──────── DATA SHOWN ────────

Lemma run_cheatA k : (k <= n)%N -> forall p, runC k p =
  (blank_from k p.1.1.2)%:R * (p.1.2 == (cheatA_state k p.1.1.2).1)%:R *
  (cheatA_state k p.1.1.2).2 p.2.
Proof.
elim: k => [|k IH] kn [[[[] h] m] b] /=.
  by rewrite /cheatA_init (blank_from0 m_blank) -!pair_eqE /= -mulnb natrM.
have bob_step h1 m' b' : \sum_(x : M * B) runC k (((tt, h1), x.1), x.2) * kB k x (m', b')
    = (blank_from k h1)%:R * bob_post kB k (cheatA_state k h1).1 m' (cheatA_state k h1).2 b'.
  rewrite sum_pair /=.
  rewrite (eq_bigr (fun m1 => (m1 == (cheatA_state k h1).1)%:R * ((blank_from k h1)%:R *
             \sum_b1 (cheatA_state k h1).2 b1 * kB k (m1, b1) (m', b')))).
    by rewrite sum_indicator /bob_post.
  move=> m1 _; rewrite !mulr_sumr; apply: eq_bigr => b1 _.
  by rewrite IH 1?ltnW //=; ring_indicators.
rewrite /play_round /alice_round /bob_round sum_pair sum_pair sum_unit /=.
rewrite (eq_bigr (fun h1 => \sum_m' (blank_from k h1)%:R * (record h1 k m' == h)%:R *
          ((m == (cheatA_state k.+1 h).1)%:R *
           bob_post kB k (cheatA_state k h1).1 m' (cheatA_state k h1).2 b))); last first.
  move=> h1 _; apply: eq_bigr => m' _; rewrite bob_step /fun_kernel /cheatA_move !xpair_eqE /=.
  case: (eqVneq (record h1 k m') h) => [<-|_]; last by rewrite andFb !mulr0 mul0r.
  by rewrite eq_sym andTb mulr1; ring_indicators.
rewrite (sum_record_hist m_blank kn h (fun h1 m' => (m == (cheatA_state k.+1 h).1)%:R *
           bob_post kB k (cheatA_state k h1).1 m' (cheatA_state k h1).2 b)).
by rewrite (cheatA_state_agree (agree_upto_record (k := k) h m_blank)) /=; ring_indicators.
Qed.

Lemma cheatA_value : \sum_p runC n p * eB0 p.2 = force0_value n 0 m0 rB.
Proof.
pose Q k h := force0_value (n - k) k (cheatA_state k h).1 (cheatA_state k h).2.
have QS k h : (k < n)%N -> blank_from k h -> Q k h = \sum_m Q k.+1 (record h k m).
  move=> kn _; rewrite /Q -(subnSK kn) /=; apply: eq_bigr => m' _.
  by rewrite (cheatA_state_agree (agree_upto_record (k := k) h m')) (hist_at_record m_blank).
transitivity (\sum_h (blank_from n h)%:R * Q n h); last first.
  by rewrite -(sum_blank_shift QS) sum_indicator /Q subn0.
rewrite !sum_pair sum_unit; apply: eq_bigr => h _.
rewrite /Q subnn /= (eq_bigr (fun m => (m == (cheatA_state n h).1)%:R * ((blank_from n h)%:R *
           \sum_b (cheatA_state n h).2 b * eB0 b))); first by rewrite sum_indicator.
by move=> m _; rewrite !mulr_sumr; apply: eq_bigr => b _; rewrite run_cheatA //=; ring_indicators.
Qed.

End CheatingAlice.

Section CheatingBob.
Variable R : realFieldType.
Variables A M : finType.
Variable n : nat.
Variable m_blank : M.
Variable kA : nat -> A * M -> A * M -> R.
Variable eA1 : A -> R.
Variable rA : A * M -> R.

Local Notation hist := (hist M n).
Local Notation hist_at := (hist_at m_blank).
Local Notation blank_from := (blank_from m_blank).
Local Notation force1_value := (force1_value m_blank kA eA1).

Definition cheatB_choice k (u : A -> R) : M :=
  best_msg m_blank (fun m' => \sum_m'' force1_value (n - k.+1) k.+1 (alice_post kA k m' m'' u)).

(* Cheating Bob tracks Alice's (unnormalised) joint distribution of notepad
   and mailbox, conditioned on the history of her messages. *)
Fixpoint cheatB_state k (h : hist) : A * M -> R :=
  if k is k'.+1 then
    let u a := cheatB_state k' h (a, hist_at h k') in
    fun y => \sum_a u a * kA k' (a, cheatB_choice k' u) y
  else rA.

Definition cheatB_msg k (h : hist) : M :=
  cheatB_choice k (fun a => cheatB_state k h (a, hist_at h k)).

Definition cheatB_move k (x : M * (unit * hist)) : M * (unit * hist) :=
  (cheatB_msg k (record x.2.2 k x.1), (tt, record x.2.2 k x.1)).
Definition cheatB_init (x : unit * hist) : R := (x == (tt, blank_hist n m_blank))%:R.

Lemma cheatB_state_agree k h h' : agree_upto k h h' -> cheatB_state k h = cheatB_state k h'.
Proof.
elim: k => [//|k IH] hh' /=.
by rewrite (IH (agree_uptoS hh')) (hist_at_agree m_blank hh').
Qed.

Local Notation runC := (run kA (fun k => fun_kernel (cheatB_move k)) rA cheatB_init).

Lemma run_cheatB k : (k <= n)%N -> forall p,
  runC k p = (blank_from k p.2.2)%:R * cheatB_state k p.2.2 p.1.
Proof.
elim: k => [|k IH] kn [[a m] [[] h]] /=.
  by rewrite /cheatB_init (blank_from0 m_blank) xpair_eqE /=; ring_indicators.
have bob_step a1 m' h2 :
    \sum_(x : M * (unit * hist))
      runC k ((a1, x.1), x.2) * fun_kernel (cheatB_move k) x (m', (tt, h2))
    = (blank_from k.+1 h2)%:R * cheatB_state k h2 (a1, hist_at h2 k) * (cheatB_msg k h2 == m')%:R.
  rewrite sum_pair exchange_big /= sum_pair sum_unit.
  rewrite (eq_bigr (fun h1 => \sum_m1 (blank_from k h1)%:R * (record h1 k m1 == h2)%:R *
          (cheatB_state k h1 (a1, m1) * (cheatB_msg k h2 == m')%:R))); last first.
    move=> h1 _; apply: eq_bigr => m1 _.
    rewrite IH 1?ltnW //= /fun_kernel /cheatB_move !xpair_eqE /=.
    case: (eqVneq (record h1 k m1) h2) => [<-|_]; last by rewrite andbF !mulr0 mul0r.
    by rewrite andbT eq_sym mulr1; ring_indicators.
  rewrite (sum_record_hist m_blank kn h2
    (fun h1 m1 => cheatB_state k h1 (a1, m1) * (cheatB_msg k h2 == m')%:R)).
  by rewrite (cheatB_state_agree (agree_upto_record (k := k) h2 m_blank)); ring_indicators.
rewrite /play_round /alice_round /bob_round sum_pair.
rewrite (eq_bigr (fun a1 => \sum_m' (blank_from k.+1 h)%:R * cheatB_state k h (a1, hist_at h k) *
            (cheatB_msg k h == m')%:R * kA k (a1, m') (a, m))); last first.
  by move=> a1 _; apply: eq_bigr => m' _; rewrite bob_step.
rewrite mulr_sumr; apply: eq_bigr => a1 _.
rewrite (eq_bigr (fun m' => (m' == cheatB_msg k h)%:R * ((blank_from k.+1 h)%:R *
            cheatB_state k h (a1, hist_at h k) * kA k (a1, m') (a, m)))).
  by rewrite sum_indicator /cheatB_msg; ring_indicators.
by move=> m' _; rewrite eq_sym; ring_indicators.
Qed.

────────

Print again the lines of the entries above that fall between the line holding "rewrite sum_pair exchange_big" and the line holding "(fun h1 m1 =>", inclusive, exactly as they stand.

  rewrite sum_pair exchange_big /= sum_pair sum_unit.
  rewrite (eq_bigr (fun h1 => \sum_m1 (blank_from k h1)%:R * (record h1 k m1 == h2)%:R *
          (cheatB_state k h1 (a1, m1) * (cheatB_msg k h2 == m')%:R))); last first.
    move=> h1 _; apply: eq_bigr => m1 _.
    rewrite IH 1?ltnW //= /fun_kernel /cheatB_move !xpair_eqE /=.
    case: (eqVneq (record h1 k m1) h2) => [<-|_]; last by rewrite andbF !mulr0 mul0r.
    by rewrite andbT eq_sym mulr1; ring_indicators.
  rewrite (sum_record_hist m_blank kn h2
    (fun h1 m1 => cheatB_state k h1 (a1, m1) * (cheatB_msg k h2 == m')%:R)).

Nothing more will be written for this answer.